_What the task asks_
For this exercise, reproduce the entries below exactly, but only from the line containing "dihedral_coroot_ge0 cartan_diag cartan_offdiag" through the line containing "elim/last_ind: t red_t", both included.

_Saved entries_
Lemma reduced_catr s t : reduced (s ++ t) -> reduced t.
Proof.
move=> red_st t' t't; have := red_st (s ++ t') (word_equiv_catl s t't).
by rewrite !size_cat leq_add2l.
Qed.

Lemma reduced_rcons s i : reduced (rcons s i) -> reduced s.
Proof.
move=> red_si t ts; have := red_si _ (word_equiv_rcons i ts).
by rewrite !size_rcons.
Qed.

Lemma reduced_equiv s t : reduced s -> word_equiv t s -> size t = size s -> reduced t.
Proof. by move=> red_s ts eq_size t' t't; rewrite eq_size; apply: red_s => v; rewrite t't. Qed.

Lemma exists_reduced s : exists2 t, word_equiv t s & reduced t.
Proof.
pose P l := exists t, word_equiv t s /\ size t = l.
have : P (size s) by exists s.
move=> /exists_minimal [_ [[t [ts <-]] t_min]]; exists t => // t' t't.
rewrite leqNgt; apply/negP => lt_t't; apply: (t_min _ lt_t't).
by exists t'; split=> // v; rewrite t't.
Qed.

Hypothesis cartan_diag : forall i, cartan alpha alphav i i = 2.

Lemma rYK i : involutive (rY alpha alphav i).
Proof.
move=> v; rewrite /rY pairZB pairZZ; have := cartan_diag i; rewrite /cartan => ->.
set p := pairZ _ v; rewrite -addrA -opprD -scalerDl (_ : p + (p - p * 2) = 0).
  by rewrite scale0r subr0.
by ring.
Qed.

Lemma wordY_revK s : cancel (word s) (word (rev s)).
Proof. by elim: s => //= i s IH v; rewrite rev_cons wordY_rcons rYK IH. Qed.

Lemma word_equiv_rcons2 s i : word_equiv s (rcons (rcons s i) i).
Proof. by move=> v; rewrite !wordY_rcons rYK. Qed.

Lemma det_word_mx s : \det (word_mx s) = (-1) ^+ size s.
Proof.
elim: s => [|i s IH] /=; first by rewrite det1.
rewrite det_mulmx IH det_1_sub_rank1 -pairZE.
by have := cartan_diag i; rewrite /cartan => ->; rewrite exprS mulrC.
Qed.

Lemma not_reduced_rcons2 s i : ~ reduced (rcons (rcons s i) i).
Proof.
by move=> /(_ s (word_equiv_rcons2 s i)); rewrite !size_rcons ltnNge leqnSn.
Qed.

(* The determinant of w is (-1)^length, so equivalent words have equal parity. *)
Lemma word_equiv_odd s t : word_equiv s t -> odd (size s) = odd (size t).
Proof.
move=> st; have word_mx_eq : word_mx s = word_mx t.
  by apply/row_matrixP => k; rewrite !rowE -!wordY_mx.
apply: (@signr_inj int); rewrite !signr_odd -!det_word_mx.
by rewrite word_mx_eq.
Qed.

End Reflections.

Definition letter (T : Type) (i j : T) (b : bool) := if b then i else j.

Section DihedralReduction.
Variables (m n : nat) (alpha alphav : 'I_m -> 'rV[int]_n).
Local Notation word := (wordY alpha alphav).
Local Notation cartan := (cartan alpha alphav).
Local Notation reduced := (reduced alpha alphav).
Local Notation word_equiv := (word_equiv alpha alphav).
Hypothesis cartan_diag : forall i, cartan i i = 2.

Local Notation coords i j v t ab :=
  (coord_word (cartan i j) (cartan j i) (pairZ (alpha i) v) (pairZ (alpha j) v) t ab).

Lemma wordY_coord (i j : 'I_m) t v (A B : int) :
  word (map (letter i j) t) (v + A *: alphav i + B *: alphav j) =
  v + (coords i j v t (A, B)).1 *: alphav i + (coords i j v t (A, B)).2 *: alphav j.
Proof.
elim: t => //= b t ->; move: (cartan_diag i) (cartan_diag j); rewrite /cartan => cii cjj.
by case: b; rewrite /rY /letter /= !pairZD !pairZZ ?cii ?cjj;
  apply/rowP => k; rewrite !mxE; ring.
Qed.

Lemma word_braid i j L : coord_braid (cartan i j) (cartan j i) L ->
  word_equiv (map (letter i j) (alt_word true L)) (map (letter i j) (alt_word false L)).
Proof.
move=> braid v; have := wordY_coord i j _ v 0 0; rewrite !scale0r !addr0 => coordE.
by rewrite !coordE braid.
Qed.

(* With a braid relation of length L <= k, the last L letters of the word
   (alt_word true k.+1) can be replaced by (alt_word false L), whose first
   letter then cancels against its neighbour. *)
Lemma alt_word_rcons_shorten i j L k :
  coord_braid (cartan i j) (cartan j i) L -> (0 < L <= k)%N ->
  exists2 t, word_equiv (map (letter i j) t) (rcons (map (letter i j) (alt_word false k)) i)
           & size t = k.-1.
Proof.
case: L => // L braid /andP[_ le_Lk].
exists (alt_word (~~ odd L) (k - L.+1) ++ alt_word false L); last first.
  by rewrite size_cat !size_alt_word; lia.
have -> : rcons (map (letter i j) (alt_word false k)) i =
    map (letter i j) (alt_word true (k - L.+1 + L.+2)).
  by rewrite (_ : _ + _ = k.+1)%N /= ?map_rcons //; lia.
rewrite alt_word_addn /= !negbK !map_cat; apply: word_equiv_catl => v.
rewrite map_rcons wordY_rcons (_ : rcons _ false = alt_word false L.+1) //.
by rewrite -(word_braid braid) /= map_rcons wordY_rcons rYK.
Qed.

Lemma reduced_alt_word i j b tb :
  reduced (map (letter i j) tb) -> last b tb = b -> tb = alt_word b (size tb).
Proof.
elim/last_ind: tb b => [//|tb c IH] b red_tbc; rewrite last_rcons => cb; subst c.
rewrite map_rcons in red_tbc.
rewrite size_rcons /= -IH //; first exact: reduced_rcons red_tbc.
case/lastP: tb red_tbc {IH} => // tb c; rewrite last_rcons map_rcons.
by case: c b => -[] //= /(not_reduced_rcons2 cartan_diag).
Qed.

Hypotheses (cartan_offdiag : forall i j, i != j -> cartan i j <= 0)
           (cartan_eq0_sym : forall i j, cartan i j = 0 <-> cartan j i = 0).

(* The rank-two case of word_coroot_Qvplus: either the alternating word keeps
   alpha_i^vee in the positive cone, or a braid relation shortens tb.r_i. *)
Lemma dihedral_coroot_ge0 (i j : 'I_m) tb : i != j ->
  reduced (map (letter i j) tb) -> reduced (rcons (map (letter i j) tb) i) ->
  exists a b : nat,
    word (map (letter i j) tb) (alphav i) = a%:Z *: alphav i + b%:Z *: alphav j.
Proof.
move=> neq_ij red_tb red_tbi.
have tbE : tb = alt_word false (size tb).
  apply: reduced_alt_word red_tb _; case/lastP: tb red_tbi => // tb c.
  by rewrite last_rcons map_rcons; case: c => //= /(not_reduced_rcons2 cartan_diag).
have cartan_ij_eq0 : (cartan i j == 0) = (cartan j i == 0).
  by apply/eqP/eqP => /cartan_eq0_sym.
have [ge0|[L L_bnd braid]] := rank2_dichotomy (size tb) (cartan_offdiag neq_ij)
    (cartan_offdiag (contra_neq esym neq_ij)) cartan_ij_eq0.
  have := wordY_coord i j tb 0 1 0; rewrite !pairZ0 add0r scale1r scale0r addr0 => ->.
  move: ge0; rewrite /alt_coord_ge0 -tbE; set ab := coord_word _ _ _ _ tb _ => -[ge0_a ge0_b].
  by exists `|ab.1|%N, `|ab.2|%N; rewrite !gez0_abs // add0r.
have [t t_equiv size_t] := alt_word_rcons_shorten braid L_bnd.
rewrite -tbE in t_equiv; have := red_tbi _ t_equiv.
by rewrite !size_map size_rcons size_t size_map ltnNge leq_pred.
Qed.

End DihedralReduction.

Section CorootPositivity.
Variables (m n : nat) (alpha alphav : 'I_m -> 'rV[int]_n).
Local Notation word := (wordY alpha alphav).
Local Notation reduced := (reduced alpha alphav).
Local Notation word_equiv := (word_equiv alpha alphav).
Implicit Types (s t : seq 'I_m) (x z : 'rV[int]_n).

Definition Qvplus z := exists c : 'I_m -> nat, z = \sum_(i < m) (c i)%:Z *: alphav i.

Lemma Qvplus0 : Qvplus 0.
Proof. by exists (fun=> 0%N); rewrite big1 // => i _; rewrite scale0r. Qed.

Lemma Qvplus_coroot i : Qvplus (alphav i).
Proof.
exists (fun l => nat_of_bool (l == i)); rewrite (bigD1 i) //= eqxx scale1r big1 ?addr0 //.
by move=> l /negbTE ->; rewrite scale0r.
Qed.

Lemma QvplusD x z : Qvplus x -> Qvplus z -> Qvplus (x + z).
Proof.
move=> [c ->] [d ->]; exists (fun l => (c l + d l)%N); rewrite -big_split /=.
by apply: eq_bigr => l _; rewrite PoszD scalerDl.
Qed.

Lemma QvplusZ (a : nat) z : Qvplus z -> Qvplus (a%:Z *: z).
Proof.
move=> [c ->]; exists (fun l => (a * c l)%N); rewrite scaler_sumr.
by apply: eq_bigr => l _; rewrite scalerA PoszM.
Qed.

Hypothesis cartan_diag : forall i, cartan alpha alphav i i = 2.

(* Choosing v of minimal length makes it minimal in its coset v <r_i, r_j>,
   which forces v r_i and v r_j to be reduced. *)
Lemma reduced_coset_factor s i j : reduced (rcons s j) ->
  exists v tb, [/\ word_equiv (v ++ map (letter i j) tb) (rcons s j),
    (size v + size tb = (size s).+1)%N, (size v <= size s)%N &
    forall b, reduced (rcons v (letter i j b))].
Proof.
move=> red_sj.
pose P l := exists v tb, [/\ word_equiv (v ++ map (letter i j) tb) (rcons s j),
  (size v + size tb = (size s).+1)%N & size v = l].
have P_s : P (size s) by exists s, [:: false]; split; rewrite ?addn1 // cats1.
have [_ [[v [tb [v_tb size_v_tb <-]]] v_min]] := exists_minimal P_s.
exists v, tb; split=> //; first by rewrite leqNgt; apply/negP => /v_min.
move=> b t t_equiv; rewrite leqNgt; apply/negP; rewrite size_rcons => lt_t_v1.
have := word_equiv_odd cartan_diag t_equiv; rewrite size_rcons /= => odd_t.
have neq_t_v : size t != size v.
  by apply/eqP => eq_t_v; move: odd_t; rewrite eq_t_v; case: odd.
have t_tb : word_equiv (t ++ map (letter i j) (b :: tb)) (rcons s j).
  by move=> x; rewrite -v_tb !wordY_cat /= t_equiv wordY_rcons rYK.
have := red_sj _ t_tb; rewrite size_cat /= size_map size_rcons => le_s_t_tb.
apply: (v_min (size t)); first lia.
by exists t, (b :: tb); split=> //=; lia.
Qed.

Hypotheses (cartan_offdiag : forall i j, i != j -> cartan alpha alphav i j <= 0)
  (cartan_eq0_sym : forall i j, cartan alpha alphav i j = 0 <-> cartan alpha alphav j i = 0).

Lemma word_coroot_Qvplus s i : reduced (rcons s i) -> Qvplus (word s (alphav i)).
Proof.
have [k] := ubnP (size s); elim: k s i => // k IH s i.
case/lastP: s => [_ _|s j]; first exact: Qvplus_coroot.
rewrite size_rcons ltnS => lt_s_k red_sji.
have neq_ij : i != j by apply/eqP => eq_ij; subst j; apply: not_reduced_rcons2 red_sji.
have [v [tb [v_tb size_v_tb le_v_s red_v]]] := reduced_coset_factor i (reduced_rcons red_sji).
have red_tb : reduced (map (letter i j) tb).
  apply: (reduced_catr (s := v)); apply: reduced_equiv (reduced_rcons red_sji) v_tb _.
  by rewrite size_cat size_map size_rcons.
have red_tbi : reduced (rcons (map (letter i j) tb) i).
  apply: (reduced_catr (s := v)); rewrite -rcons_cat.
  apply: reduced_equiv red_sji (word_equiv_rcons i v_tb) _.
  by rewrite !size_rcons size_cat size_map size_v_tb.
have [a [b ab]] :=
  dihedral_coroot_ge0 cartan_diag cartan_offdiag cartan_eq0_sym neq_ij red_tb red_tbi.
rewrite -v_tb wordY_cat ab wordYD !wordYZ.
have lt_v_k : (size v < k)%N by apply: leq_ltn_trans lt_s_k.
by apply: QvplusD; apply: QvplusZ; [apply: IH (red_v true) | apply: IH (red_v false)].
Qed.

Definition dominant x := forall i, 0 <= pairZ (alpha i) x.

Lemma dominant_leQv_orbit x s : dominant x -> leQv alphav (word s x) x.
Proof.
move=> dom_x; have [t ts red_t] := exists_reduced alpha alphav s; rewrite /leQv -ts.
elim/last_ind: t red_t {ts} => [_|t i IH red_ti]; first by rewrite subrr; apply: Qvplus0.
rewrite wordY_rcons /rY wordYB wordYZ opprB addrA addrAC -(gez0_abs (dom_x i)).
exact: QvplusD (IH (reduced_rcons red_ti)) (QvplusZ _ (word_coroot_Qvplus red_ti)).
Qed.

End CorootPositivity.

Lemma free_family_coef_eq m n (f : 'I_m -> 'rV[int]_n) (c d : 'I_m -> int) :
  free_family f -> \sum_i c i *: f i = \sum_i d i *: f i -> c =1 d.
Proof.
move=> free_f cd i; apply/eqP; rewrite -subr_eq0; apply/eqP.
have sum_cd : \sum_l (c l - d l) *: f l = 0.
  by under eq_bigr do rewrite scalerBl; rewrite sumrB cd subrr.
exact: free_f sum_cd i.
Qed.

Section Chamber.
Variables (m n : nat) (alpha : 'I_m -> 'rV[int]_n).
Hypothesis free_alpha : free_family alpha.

...

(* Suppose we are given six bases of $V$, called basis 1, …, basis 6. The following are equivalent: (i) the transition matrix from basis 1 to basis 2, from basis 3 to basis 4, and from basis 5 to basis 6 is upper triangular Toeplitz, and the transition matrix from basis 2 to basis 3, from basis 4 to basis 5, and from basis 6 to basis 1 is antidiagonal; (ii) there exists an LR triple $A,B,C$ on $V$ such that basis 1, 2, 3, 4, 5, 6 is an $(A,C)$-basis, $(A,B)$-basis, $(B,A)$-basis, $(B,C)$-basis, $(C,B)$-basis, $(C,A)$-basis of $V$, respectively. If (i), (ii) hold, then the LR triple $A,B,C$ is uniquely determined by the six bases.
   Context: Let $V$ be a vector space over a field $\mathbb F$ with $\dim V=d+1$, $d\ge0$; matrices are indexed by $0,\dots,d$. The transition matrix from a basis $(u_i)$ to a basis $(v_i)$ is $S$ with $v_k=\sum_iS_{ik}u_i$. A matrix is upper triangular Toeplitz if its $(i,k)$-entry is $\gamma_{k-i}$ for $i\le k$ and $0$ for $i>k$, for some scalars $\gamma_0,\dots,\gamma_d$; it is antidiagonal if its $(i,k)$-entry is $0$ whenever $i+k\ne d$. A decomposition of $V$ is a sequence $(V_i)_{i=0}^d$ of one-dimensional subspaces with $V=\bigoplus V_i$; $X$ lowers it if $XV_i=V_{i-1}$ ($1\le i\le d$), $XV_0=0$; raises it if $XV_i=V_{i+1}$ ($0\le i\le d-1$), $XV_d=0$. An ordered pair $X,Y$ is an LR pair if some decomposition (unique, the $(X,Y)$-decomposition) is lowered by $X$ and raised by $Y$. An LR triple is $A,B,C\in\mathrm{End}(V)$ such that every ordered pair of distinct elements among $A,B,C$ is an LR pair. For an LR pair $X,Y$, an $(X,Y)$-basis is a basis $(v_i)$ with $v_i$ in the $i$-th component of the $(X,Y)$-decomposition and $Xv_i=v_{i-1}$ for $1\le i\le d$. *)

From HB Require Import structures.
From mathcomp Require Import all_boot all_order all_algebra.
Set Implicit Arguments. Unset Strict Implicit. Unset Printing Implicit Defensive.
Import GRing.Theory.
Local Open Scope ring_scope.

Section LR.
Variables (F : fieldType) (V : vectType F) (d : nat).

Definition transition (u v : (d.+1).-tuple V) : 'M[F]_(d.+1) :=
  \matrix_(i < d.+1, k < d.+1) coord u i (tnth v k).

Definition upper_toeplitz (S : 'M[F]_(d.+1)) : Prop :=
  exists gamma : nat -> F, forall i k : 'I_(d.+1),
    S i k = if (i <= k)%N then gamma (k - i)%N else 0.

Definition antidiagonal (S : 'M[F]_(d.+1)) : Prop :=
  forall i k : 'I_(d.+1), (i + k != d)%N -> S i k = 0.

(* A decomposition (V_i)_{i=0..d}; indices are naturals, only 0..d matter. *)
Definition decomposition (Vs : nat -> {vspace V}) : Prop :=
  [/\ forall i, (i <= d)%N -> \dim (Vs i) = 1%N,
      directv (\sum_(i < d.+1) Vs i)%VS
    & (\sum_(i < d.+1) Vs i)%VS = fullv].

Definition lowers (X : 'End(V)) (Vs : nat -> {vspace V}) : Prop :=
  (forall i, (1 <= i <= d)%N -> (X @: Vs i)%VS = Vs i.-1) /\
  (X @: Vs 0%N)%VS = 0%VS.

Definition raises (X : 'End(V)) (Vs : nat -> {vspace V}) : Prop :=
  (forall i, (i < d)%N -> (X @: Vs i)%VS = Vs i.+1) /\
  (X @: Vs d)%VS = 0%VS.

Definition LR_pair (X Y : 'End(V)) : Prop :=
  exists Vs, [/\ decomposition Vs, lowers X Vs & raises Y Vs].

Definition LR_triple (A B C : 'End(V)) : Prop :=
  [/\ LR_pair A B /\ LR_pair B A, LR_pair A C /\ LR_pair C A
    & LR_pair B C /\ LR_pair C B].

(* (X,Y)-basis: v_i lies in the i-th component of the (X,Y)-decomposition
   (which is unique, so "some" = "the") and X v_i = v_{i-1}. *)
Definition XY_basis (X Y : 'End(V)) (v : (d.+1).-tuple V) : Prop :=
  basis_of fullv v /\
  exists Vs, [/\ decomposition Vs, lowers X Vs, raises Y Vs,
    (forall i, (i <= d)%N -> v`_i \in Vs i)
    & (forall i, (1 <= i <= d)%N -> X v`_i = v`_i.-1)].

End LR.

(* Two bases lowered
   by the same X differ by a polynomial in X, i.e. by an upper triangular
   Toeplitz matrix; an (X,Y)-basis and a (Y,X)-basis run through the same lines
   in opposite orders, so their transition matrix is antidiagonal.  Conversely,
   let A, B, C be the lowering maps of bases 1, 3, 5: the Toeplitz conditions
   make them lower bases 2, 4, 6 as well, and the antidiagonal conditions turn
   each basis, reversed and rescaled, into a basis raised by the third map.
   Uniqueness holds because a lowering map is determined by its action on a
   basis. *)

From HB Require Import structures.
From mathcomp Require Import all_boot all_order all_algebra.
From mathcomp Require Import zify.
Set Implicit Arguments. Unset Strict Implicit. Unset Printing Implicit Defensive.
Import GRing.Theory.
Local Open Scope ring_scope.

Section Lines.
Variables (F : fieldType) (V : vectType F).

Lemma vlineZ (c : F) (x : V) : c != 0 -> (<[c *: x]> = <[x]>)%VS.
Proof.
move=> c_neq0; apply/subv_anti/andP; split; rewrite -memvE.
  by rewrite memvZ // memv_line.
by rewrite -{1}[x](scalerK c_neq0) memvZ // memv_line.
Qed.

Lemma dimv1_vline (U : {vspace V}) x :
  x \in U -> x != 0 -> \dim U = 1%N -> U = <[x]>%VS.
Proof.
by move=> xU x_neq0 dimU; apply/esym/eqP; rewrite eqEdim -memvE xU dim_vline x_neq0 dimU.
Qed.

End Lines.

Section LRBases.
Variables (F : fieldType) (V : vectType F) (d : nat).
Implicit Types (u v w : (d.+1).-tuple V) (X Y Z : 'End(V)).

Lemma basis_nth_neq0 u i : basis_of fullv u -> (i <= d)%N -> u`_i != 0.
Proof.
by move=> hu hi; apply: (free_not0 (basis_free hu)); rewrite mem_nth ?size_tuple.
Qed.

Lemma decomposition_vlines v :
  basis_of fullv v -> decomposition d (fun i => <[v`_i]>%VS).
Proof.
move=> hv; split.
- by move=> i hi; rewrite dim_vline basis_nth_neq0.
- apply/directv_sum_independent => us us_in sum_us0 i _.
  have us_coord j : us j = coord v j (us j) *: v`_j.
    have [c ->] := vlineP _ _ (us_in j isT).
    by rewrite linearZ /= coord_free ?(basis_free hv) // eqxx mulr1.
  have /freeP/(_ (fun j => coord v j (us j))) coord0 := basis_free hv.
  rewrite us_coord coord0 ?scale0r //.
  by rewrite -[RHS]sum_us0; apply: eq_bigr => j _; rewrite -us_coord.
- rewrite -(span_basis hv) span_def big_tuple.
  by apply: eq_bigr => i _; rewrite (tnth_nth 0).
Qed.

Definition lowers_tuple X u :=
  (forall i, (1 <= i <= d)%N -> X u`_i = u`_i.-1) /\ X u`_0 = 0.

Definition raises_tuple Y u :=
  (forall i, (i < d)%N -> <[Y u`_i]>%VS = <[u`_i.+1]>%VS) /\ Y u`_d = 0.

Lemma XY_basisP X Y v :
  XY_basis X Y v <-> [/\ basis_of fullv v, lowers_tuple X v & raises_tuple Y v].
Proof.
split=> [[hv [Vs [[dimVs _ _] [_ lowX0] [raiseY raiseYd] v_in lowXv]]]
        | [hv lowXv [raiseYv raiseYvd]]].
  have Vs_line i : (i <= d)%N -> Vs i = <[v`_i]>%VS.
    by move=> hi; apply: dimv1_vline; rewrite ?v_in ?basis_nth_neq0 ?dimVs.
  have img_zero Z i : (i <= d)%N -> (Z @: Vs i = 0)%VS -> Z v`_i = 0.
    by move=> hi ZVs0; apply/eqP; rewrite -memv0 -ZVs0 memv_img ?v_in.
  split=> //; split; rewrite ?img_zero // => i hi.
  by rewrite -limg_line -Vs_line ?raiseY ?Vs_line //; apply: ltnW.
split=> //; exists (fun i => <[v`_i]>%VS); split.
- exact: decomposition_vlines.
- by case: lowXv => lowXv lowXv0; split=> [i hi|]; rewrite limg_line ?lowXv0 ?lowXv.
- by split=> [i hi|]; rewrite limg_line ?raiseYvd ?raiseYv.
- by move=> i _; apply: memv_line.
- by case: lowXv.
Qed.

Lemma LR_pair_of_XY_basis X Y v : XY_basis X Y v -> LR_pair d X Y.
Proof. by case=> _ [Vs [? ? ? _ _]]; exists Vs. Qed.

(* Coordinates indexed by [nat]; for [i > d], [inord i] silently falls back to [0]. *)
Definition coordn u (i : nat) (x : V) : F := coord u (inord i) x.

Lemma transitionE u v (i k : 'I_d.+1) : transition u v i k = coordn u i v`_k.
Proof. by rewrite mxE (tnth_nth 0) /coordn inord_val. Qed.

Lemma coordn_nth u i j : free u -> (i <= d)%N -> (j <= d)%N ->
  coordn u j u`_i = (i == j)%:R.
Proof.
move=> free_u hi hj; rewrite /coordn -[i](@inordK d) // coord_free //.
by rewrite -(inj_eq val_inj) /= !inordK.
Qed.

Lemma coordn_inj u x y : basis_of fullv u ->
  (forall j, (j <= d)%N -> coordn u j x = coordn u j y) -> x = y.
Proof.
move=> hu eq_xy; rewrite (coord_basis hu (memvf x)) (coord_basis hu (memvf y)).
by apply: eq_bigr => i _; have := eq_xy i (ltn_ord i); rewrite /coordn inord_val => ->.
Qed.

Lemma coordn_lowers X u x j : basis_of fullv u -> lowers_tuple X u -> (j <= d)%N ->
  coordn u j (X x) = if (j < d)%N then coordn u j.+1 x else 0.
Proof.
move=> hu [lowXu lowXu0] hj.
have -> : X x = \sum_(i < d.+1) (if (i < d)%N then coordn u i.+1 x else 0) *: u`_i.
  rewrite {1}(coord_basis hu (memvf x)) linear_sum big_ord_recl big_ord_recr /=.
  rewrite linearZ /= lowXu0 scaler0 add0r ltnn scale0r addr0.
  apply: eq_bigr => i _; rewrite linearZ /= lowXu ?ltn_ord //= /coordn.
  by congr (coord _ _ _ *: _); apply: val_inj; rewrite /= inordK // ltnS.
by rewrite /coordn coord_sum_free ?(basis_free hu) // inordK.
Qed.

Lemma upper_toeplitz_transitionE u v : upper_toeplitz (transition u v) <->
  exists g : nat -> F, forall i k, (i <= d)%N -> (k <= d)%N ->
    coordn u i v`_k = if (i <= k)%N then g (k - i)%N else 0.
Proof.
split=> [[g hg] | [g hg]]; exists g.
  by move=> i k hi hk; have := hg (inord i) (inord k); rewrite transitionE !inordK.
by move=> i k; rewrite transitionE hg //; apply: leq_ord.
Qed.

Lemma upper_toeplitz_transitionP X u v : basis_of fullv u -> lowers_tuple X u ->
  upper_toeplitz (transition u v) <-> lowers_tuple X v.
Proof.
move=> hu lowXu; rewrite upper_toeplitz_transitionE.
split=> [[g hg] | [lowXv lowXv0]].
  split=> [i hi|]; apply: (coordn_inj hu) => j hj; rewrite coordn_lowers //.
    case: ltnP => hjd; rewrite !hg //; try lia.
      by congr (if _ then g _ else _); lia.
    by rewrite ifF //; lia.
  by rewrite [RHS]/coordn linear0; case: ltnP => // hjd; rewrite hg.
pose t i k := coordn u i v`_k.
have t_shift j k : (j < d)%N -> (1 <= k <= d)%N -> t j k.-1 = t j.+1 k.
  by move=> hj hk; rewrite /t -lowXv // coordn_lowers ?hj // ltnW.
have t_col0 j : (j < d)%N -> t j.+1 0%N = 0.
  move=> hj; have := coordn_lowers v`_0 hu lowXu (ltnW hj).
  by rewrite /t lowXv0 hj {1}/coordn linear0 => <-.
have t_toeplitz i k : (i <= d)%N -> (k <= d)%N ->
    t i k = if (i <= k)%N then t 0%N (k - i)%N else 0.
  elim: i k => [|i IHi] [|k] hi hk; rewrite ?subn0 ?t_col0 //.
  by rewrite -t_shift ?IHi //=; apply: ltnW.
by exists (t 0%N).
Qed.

_Output_
  dihedral_coroot_ge0 cartan_diag cartan_offdiag cartan_eq0_sym neq_ij red_tb red_tbi.
rewrite -v_tb wordY_cat ab wordYD !wordYZ.
have lt_v_k : (size v < k)%N by apply: leq_ltn_trans lt_s_k.
by apply: QvplusD; apply: QvplusZ; [apply: IH (red_v true) | apply: IH (red_v false)].
Qed.

Definition dominant x := forall i, 0 <= pairZ (alpha i) x.

Lemma dominant_leQv_orbit x s : dominant x -> leQv alphav (word s x) x.
Proof.
move=> dom_x; have [t ts red_t] := exists_reduced alpha alphav s; rewrite /leQv -ts.
elim/last_ind: t red_t {ts} => [_|t i IH red_ti]; first by rewrite subrr; apply: Qvplus0.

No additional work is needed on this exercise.